TASK PROMPT
The answer is a number and nothing else: the count of lines in these entries containing the word "Efxy".

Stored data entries
-=-=-

(* Let $\ell$ be a prime number and $n\ge1$. Then the number $s_{\ell,n}$ of switching equivalence classes in $\mathrm{Alt}_n(\mathbb{Z}/\ell\mathbb{Z})$ equals the number $t_{\ell,n}$ of isomorphism classes of modular Eulerian matrices in $\mathrm{Alt}_n(\mathbb{Z}/\ell\mathbb{Z})$.
   Context: $\mathrm{Alt}_n(\mathbb{Z}/\ell\mathbb{Z})$ is the set of $n\times n$ matrices $M=(m_{ij})$ over $\mathbb{Z}/\ell\mathbb{Z}$ with $m_{ii}=0$ and $m_{ij}+m_{ji}=0$. For $v\in[n]$ let $X_v$ be the matrix with $(X_v)_{iv}=1$ and $(X_v)_{vi}=-1$ for all $i\ne v$ and all other entries $0$; the switching at $v$ is $\mu_v(M)=M+X_v$. $M\cong M'$ means there is $\sigma\in\mathfrak{S}_n$ with $m'_{\sigma(i)\sigma(j)}=m_{ij}$ for all $i,j$. $M,M'$ are switching equivalent if there are positive integers $i_1,\dots,i_n$ with $M'\cong\mu_1^{i_1}\cdots\mu_n^{i_n}(M)$. $M$ is a modular Eulerian matrix if $\sum_{j=1}^n m_{ij}=0$ in $\mathbb{Z}/\ell\mathbb{Z}$ for every $i$. *)

From Stdlib Require Import ClassicalEpsilon.
From mathcomp Require Import all_boot all_order all_algebra all_fingroup.
Set Implicit Arguments. Unset Strict Implicit. Unset Printing Implicit Defensive.
Import GRing.Theory.
Local Open Scope ring_scope.

(* Matrices over Z/lZ are 'M['Z_l]_n; for l prime (l >= 2) 'Z_l is Z/lZ. *)

Definition is_alt (l n : nat) (M : 'M['Z_l]_n) : bool :=
  [forall i, M i i == 0] && [forall i, forall j, M i j + M j i == 0].

Definition Xsw (l n : nat) (v : 'I_n) : 'M['Z_l]_n :=
  \matrix_(i, j) (if (j == v) && (i != v) then 1
                  else if (i == v) && (j != v) then -1 else 0).

Definition mu (l n : nat) (v : 'I_n) (M : 'M['Z_l]_n) : 'M['Z_l]_n :=
  M + Xsw l v.

Definition switch_all (l n : nat) (k : 'I_n -> nat) (M : 'M['Z_l]_n) :=
  foldr (fun v N => iter (k v) (@mu l n v) N) M (enum 'I_n).

Definition mx_iso (l n : nat) (M M' : 'M['Z_l]_n) : Prop :=
  exists s : 'S_n, forall i j, M' (s i) (s j) = M i j.

Definition switch_equiv (l n : nat) (M M' : 'M['Z_l]_n) : Prop :=
  exists k : 'I_n -> nat, (forall v, (0 < k v)%N) /\ mx_iso (switch_all k M) M'.

Definition is_eulerian (l n : nat) (M : 'M['Z_l]_n) : bool :=
  [forall i, \sum_j M i j == 0].

Definition asb (P : Prop) : bool :=
  if excluded_middle_informative P then true else false.

Definition s_count (l n : nat) : nat :=
  #|[set [set M' : 'M['Z_l]_n | is_alt M' && asb (switch_equiv M M')]
     | M in [set M : 'M['Z_l]_n | is_alt M]]|.

Definition t_count (l n : nat) : nat :=
  #|[set [set M' : 'M['Z_l]_n | is_alt M' && is_eulerian M' && asb (mx_iso M M')]
     | M in [set M : 'M['Z_l]_n | is_alt M && is_eulerian M]]|.

From Stdlib Require Import ClassicalEpsilon.
From mathcomp Require Import all_boot all_order all_algebra all_fingroup.
From mathcomp Require Import zify.
Set Implicit Arguments. Unset Strict Implicit. Unset Printing Implicit Defensive.
Import GRing.Theory.
Local Open Scope ring_scope.

(* Identify Alt_n(F_l) with the coordinate space F_l^N, N = n(n-1)/2.  Since
   the switching vector k only matters modulo l, the switchings move M exactly
   within its coset M + W, where W is the span of the X_v, so switching classes
   are the S_n-orbits on Alt/W.  Row sums of M are the pairings of M with the
   X_v, so Eulerian matrices form the orthogonal complement of W.  By Burnside
   it suffices to show that every permutation s fixes as many cosets of W as
   Eulerian matrices.  In coordinates s acts by an orthogonal matrix P; the
   fixed cosets, weighted by |W|, are the x with x (1 - P) in W, and the fixed
   Eulerian matrices are the x with x P = x orthogonal to W.  Since the row
   spaces of 1 - P and its transpose coincide, rank-nullity matches the two
   counts. *)

Section RowSpaceCounting.
Variable F : finFieldType.

Lemma card_submx m k (C : 'M[F]_(k, m)) :
  #|[set x : 'rV[F]_m | (x <= C)%MS]| = (#|F| ^ \rank C)%N.
Proof.
have -> : [set x : 'rV[F]_m | (x <= C)%MS] =
          [set y *m row_base C | y in [set: 'rV[F]_(\rank C)]].
  apply/setP => x; rewrite inE; apply/idP/imsetP.
    move=> xC; have: (x <= row_base C)%MS by rewrite eq_row_base.
    by case/submxP=> y ->; exists y; rewrite ?inE.
  by move=> [y _ ->]; rewrite -(eq_row_base C) submxMl.
rewrite card_imset; last exact: row_free_inj (row_base_free C).
by rewrite cardsT card_mx mul1n.
Qed.

Lemma kermx_cokermx m k (B : 'M[F]_(k, m)) : (kermx (cokermx B) :=: B)%MS.
Proof. by apply/eqmxP/andP; split; apply/rV_subP => v; rewrite sub_kermx submxE. Qed.

Lemma card_preimage_orthogonal m k (P : 'M[F]_m) (B : 'M[F]_(k, m)) :
  P^T *m P = 1 ->
  #|[set x : 'rV[F]_m | (x *m (1 - P) <= B)%MS]| =
  (#|[set x : 'rV[F]_m | (x <= B)%MS]| *
   #|[set x : 'rV[F]_m | (x *m P == x) && (x *m B^T == 0%R)]|)%N.
Proof.
move=> orthP; set T := 1 - P.
have -> : [set x : 'rV[F]_m | (x *m T <= B)%MS] =
          [set x : 'rV[F]_m | (x <= kermx (T *m cokermx B))%MS].
  by apply/setP => x; rewrite !inE sub_kermx submxE -mulmxA.
have -> : [set x : 'rV[F]_m | (x *m P == x) && (x *m B^T == 0%R)] =
          [set x : 'rV[F]_m | (x <= kermx (row_mx T B^T))%MS].
  apply/setP => x; rewrite !inE sub_kermx mul_mx_row row_mx_eq0.
  by rewrite /T mulmxBr mulmx1 subr_eq0 eq_sym.
rewrite !card_submx !mxrank_ker -expnD; congr (_ ^ _)%N.
have rank_mul := mxrank_mul_ker T (cokermx B).
rewrite (cap_eqmx (eqmx_refl T) (kermx_cokermx B)) in rank_mul.
have rank_sum := mxrank_sum_cap T B.
have eqTt : (T^T == T)%MS.
  have subTt : (T^T <= T)%MS.
    have -> : T^T = (- P^T) *m T.
      by rewrite /T mulNmx mulmxBr mulmx1 orthP opprB linearB /= trmx1.
    exact: submxMl.
  by apply/andP; split=> //; rewrite -(mxrank_leqif_sup subTt).2 mxrank_tr.
have rank_row : \rank (row_mx T B^T) = \rank (T + B)%MS.
  rewrite -mxrank_tr tr_row_mx trmxK -addsmxE.
  by rewrite (adds_eqmx (eqmxP eqTt) (eqmx_refl B)).
have := rank_leq_row (row_mx T B^T); move: rank_mul rank_sum; rewrite rank_row.
set a := \rank (T *m _); set b := \rank (T :&: B)%MS.
set c := \rank (T + B)%MS; set d := \rank T; set e := \rank B.
by clearbody a b c d e; lia.
Qed.

End RowSpaceCounting.

Lemma card_imset_eqrel (T U V : finType) (D : {set T}) (f : T -> U) (g : T -> V) :
  {in D &, forall x y, (f x == f y) = (g x == g y)} -> #|f @: D| = #|g @: D|.
Proof.
move=> eq_fg; pose fg x := (f x, g x).
have -> : f @: D = fst @: (fg @: D) by rewrite -imset_comp.
have -> : g @: D = snd @: (fg @: D) by rewrite -imset_comp.
rewrite (card_in_imset (f := fst)) ?(card_in_imset (f := snd)) //.
  move=> _ _ /imsetP[x xD ->] /imsetP[y yD ->] /= Egxy.
  by have := eq_fg x y xD yD; rewrite Egxy eqxx => /eqP Efxy; rewrite /fg Efxy Egxy.
move=> _ _ /imsetP[x xD ->] /imsetP[y yD ->] /= Efxy.
by have := eq_fg x y xD yD; rewrite Efxy eqxx => /esym/eqP Egxy; rewrite /fg Efxy Egxy.
Qed.

Section AlternatingMatrices.
Variables p n : nat.
Local Notation F := 'F_p.

Definition alt_pairs := [set q : 'I_n * 'I_n | (q.1 < q.2)%N].
Local Notation N := #|alt_pairs|.

Definition pair_of (k : 'I_N) : 'I_n * 'I_n := enum_val k.

Lemma pair_of_lt k : ((pair_of k).1 < (pair_of k).2)%N.
Proof. by have := enum_valP k; rewrite inE. Qed.

Definition alt_basis (k : 'I_N) (i j : 'I_n) : F :=
  (pair_of k == (i, j))%:R - (pair_of k == (j, i))%:R.

Definition alt_of_row (x : 'rV[F]_N) : 'M[F]_n :=
  \matrix_(i, j) \sum_k x 0 k * alt_basis k i j.

Definition row_of_alt (M : 'M[F]_n) : 'rV[F]_N :=
  \row_k M (pair_of k).1 (pair_of k).2.

Definition pair_coef (x : 'rV[F]_N) q := \sum_k x 0 k * (pair_of k == q)%:R.

Lemma alt_of_rowE x i j : alt_of_row x i j = pair_coef x (i, j) - pair_coef x (j, i).
Proof.
by rewrite mxE /pair_coef -sumrB; apply: eq_bigr => k _; rewrite /alt_basis mulrBr.
Qed.

Lemma pair_coef_in x q (qP : q \in alt_pairs) : pair_coef x q = x 0 (enum_rank_in qP q).
Proof.
rewrite /pair_coef (bigD1 (enum_rank_in qP q)) //= /pair_of enum_rankK_in // eqxx.
rewrite mulr1 big1 ?addr0 // => k kq; case: eqP; rewrite ?mulr0 // => Ekq.
by case/eqP: kq; apply: enum_val_inj; rewrite enum_rankK_in.
Qed.

Lemma pair_coef_out x q : q \notin alt_pairs -> pair_coef x q = 0.
Proof.
move=> qP; rewrite /pair_coef big1 // => k _; case: eqP; rewrite ?mulr0 // => Ekq.
by case/negP: qP; rewrite -Ekq enum_valP.
Qed.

-=-=-

EXERCISE SOLUTION
3